No dia 28 de julho foi instituído pela Assembleia Mundial de Saúde como o Dia Mundial de Luta Contra as Hepatites Virais. Durante todo o mês, há mobilização em todo o mundo na luta contra essa enfermidade, principalmente através do incentivo ao diagnóstico precoce para um tratamento adequado.

Silenciosa

A hepatite é uma doença silenciosa, que nem sempre apresenta sintomas. Nem por isso, deixa de ser perigosa. Nesse ano, já foram registrados 43 casos de hepatite B e outros 43 de hepatite C, a última ainda com dois óbitos em Fortaleza. Os sintomas, quando aparecem, causam febre, mal-estar, tontura, enjoo, vômitos, dor abdominal, pele e olhos amarelados, urina escura e fezes claras. Ela pode ser transmitida através do sangue e através de relações sexuais sem proteção. O compartilhamento de itens pessoais de higiene contaminados também traz risco, como lâminas de barbear e de depilar, escovas de dente, alicates e acessórios de manicure e pedicure, agulhas, seringas e instrumentos para uso de substâncias injetáveis, inaláveis (cocaína) e pipadas (crack).

A vacina contra a hepatite, desde 2016, foi ampliada pelo Governo Federal para todos os cidadãos independentemente da idade ou vulnerabilidade.

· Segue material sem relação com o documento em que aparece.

Lemma diag_swap_sound w d i : diag_wf sg w d = true -> diag_mor w d = diag_mor w (diag_swap sg i d).
Proof.
  revert w i; induction d as [|x d IH]; intros w i h; destruct i; simpl; auto.
  - destruct d as [|x2 d]; auto.
    destruct (interchange_layers sg x x2) as [[y1 y2]|] eqn:E; auto.
    simpl in h. apply andb_prop in h as [_ h]. apply andb_prop in h as [h2 h3].
    apply Nat.eqb_eq in h2.
    destruct (interchange_layers_sound _ _ _ _ (eq_sym h2) E) as [Q [Q2 Q3]].
    cbn [diag_mor]. rewrite Q3.
    destruct (diag_mor_typed _ _ h3) as [t1 t2].
    rewrite <- !comp_assoc by (rewrite ?cod_layer_mor, ?dom_layer_mor, ?t1; auto).
    rewrite Q; auto.
  - simpl in h. apply andb_prop in h as [_ h2]. rewrite (IH _ i) by auto. auto.
Qed.

End DiagramSemantics.

Inductive hopf_gen := gmu | geta | gDelta | geps | gs | gLam | glam | gsym.

Definition hopf_gen_eqb (a b : hopf_gen) : bool :=
  match a, b with
  | gmu, gmu | geta, geta | gDelta, gDelta | geps, geps | gs, gs
  | gLam, gLam | glam, glam | gsym, gsym => true
  | _, _ => false end.

Lemma hopf_gen_eqb_eq a b : hopf_gen_eqb a b = true -> a = b.
Proof. destruct a, b; easy. Qed.
(* Let $q\ge2$ be even and $d\ge q$. Let $f$ be a density on $\mathbb{R}^d$ with mode $\boldsymbol\theta$, sufficiently smooth, whose $(q+1)$-st order term of the Taylor expansion around $\boldsymbol\theta$ is of the form $\prod_{i=1}^{q+1}\mathbf a_i^\top(\mathbf x-\boldsymbol\theta)$, where $\mathbf a_1,\ldots,\mathbf a_{q+1}$ span a $q$-dimensional subspace of $\mathbb{R}^d$, and suppose $\sum_{i=1}^{q+1}s_i\mathbf a_i=\mathbf 0$ for some coefficients with $s_1s_2\cdots s_{q+1}\neq0$. Then there is a choice of $\mathrm Q$ for which the asymptotic bias is equal to zero, i.e. $\nabla(\nabla^\top\mathrm Q\nabla)^{q/2}f(\boldsymbol\theta)=\mathbf 0$.
   Context: Setting: $\mathrm A=\{Hf(\boldsymbol\theta)\}^{-1}$ is assumed to exist. For a radial $q$-th order kernel $K(\mathbf x)=G(\|\mathbf x\|)$ and a $d\times d$ matrix $\mathrm P$ with $|\det\mathrm P|=1$, the elliptic kernel is $K_{\mathrm P}(\mathbf x)=K(\mathrm P\mathbf x)$ and $\mathrm Q=\mathrm P^{-1}\mathrm P^{-\top}$ (symmetric positive definite). The asymptotic bias of the kernel mode estimator with kernel $K_{\mathrm P}$ and bandwidth $h_n$ is $-\frac{\pi^{d/2}h_n^q}{2^{q-1}\Gamma(\frac{d+q}{2})\Gamma(\frac q2+1)}B_{d,q}(G)\,\mathrm A\,\nabla(\nabla^\top\mathrm Q\nabla)^{q/2}f(\boldsymbol\theta)$ with $B_{d,q}(G)=\int_0^\infty x^{d-1+q}G(x)dx\ne0$, so it vanishes iff $\nabla(\nabla^\top\mathrm Q\nabla)^{q/2}f(\boldsymbol\theta)=\mathbf 0$ (a quantity depending only on the $(q+1)$-st order Taylor term of $f$ at $\boldsymbol\theta$). *)

From HB Require Import structures.
From mathcomp Require Import all_boot all_order all_algebra.
From mathcomp Require Import all_classical all_reals all_analysis.
Set Implicit Arguments. Unset Strict Implicit. Unset Printing Implicit Defensive.
Import Order.TTheory GRing.Theory Num.Theory.
Import numFieldNormedType.Exports.
Local Open Scope ring_scope.

Section KernelModeDefs.
Variables (R : realType) (d : nat).

Definition partial (i : 'I_d) (f : 'rV[R]_d -> R) : 'rV[R]_d -> R :=
  fun x => derive f x (delta_mx 0 i).

(* iterated partial derivative: iter_partial [:: k1; ...; km] f
   = d_{k1} (d_{k2} ( ... (d_{km} f))) *)
Definition iter_partial (s : seq 'I_d) (f : 'rV[R]_d -> R) : 'rV[R]_d -> R :=
  foldr partial f s.

Definition smooth_upto (n : nat) (f : 'rV[R]_d -> R) : Prop :=
  (forall s : seq 'I_d, (size s <= n)%N -> continuous (iter_partial s f)) /\
  (forall s : seq 'I_d, (size s < n)%N ->
     forall x, differentiable (iter_partial s f) x).
Lemma limit1_in_right_slope (f : R -> R) (d pmax p : R) :
  limit1_in (fun q => (f q - f 0) / q) (fun q => 0 < q <= pmax) d 0 -> 0 < p <= pmax ->
  forall e, 0 < e -> exists q, 0 < q <= p /\ f q - f 0 < (d + e) * q.
Proof.
  intros Hlim Hp e He.
  destruct (Hlim e He) as [alp [Halp Hnear]].
  set (q := Rmin p (alp / 2)).
  assert (Hq : 0 < q <= p) by (unfold q, Rmin; destruct Rle_dec; lra).
  assert (Hqa : q <= alp / 2) by apply Rmin_r.
  exists q. split; [exact Hq|].
  assert (Hdist : Rabs ((f q - f 0) / q - d) < e).
  { apply (Hnear q). simpl; unfold R_dist.
    rewrite Rminus_0_r, Rabs_right; lra. }
  apply Rabs_def2 in Hdist as [Hdist _].
  apply (Rmult_lt_reg_r (/ q)); [apply Rinv_0_lt_compat; lra|].
  replace ((d + e) * q * / q) with (d + e) by (field; lra). unfold Rdiv in Hdist. lra.
Qed.

Lemma derivable_pt_lim_right_slope (f : R -> R) (x d p : R) :
  derivable_pt_lim f x d -> 0 < p ->
  forall e, 0 < e -> exists q, 0 < q <= p /\ f (x + q) - f x < (d + e) * q.
Proof.
  intros Hder Hp e He.
  destruct (Hder e He) as [alp Hnear].
  pose proof (cond_pos alp) as Halp.
  set (q := Rmin p (alp / 2)).
  assert (Hq : 0 < q <= p) by (unfold q, Rmin; destruct Rle_dec; lra).
  assert (Hqa : q <= alp / 2) by apply Rmin_r.
  exists q. split; [exact Hq|].
  assert (Hdist : Rabs ((f (x + q) - f x) / q - d) < e)
    by (apply Hnear; [lra|rewrite Rabs_right; lra]).
  apply Rabs_def2 in Hdist as [Hdist _].
  apply (Rmult_lt_reg_r (/ q)); [apply Rinv_0_lt_compat; lra|].
  replace ((d + e) * q * / q) with (d + e) by (field; lra). unfold Rdiv in Hdist. lra.
Qed.

Lemma concave_le_limit_slope (f : R -> R) (d pmax : R) :
  concave_on (fun p => 0 <= p <= pmax) f -> f 0 = 0 ->
  limit1_in (fun q => (f q - f 0) / q) (fun q => 0 < q <= pmax) d 0 ->
  forall p, 0 <= p <= pmax -> f p <= d * p.
Proof.
  intros Hconc f0 Hlim p Hp.
  destruct (Req_dec p 0) as [->|Hp0]; [rewrite f0; lra|].
  apply (concave_le_linear _ f d p Hconc); simpl; try lra.
  apply (limit1_in_right_slope f d pmax); [exact Hlim|lra].
Qed.

Lemma concave_increment_le_derivative (f : R -> R) (d : R) :
  concave_on (fun y => 0 <= y) f -> f 0 = 0 -> derivable_pt_lim f 0 d ->
  forall y0 y, 0 <= y0 <= y -> f y - f y0 <= d * (y - y0).
Proof.
  intros Hconc f0 Hder y0 y Hy.
  destruct (Req_dec y y0) as [->|Hne]; [lra|].
  assert (Hfy : f y <= d * y).
  { apply (concave_le_linear _ f d y Hconc); simpl; try lra.
    intros e He.
    destruct (derivable_pt_lim_right_slope f 0 d y Hder ltac:(lra) e He) as [q Hq].
    rewrite Rplus_0_l in Hq. exists q. exact Hq. }
  destruct (Req_dec y0 0) as [->|Hne0]; [rewrite f0; lra|].
  pose proof (concave_chord_slope _ f y y0 Hconc ltac:(simpl; lra) ltac:(simpl; lra)
    f0 ltac:(lra)) as Hchord.
  apply (Rmult_le_reg_r y); [lra|].
  assert (f y * (y - y0) <= d * y * (y - y0)) by (apply Rmult_le_compat_r; lra).
  nra.
Qed.

Lemma increment_bound_nonneg (f : R -> R) (d : R) :
  nondecr_on (fun y => 0 <= y) f ->
  (forall y0 y, 0 <= y0 <= y -> f y - f y0 <= d * (y - y0)) -> 0 <= d.
Proof.
  intros Hmono Hincr.
  pose proof (Hincr 0 1 ltac:(lra)).
  pose proof (Hmono 0 1 ltac:(simpl; lra) ltac:(simpl; lra) ltac:(lra)). lra.
Qed.

Lemma maxR_1_ge (b : nat -> R) (S s : nat) : (1 <= s <= S)%nat -> b s <= maxR_1 b S.
Proof.
  induction S as [|k IH]; intros Hs; [lia|].
  destruct k as [|k]; [replace s with 1%nat by lia; simpl; lra|].
  change (maxR_1 b (S (S k))) with (Rmax (maxR_1 b (S k)) (b (S (S k)))).
  destruct (Nat.eq_dec s (S (S k))) as [->|Hne]; [apply Rmax_r|].
  eapply Rle_trans; [apply IH; lia|apply Rmax_l].
Qed.

Lemma rate_control_le (U : R -> R) (b V q D x : R) :
  0 < V -> (forall y0 y, 0 <= y0 <= y -> U y - U y0 <= b * (y - y0)) ->
  0 <= q <= b * V / 2 ->
  argmax_on 0 D (fun y => V * U y - y * y - 2 * q * y) x -> x <= b * V / 2 - q.
Proof.
  intros HV Hincr Hq [[Hx0 HxD] Hmax].
  destruct (Rle_dec x (b * V / 2 - q)) as [|Hgt]; [assumption|exfalso].
  set (y0 := b * V / 2 - q).
  pose proof (Hmax y0 ltac:(unfold y0; lra)) as Hopt; simpl in Hopt.
  pose proof (Hincr y0 x ltac:(unfold y0; lra)) as Hinc.
  assert (V * (U x - U y0) <= V * (b * (x - y0))) by (apply Rmult_le_compat_l; lra).
  assert (Hb : b * V = 2 * (y0 + q)) by (unfold y0; lra).
  assert (0 < (x - y0) * (x - y0)) by (apply Rmult_lt_0_compat; unfold y0; lra).
  nra.
Qed.

Lemma queue_le_of_rate_control (U : R -> R) (b V D : R) (q x : nat -> R) :
  0 < V -> 0 <= b -> (forall y0 y, 0 <= y0 <= y -> U y - U y0 <= b * (y - y0)) ->
  q 0%nat = 0 ->
  (forall t, argmax_on 0 D (fun y => V * U y - y * y - 2 * q t * y) (x t)) ->
  (forall t, x t <= q (S t) <= Rmax (q t) 0 + x t) ->
  forall t, 0 <= q t <= b * V / 2.
Proof.
  intros HV Hb Hincr q0 Hrate Hstep t.
  induction t as [|t IH].
  - rewrite q0. assert (0 <= b * V) by (apply Rmult_le_pos; lra). lra.
  - pose proof (rate_control_le U b V (q t) D (x t) HV Hincr IH (Hrate t)).
    destruct (Hrate t) as [[Hx0 _] _].
    pose proof (Hstep t) as Hs. rewrite Rmax_left in Hs by lra. lra.
Qed.

Lemma encoding_control_nonneg (m w : nat -> R) (dM cap : R) :
  0 <= dM -> 0 <= cap -> 0 <= m 1%nat ->
  (forall n, (1 <= n)%nat -> 0 <= w n -> m (S n) = Rmax (m n - dM) 0) ->
  (forall n, (1 <= n)%nat -> w n < 0 -> m (S n) = Rmin (m n + dM) cap) ->
  forall n, (1 <= n)%nat -> 0 <= m n.
Proof.
  intros HdM Hcap Hm1 Hdec Hinc n Hn.
  induction n as [|[|n] IH]; [lia|exact Hm1|].
  destruct (Rle_lt_dec 0 (w (S n))) as [Hw|Hw].
  - rewrite Hdec by (lia || lra). apply Rmax_r.
  - rewrite Hinc by (lia || lra). specialize (IH ltac:(lia)).
    unfold Rmin; destruct Rle_dec; lra.
Qed.

Section EncoderQueue.

Context {Hc : Type} {I : Hc -> R -> R} {K : nat} {h : nat -> nat -> Hc}
  {c : nat -> nat} {P : nat -> R} {x Q Rq M : nat -> nat -> R} {nidx : nat -> nat -> nat}.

De acordo com o Departamento de DST, Aids e Hepatites Virais do Ministério da Saúde, cerca de 2% da população do Ceará tinha hepatite tipo B ou C em 2017. O último boletim de hepatites feito pelo MS indicou que 3 milhões de brasileiros não sabem que têm o vírus da hepatite C e outros 3 milhões convivem com o vírus da hepatite B.

Expectativa

O grupo mais propenso a contrair o vírus é o de pessoas com 50 anos ou mais e idosos, incluídos na ampliação da oferta da vacina em 2016. De acordo com a Secretaria da Saúde, como a expectativa de vida têm aumentado, aliada ao aumento da atividade sexual e à resistência ao uso de preservativos, o risco de contrair a doença é maior.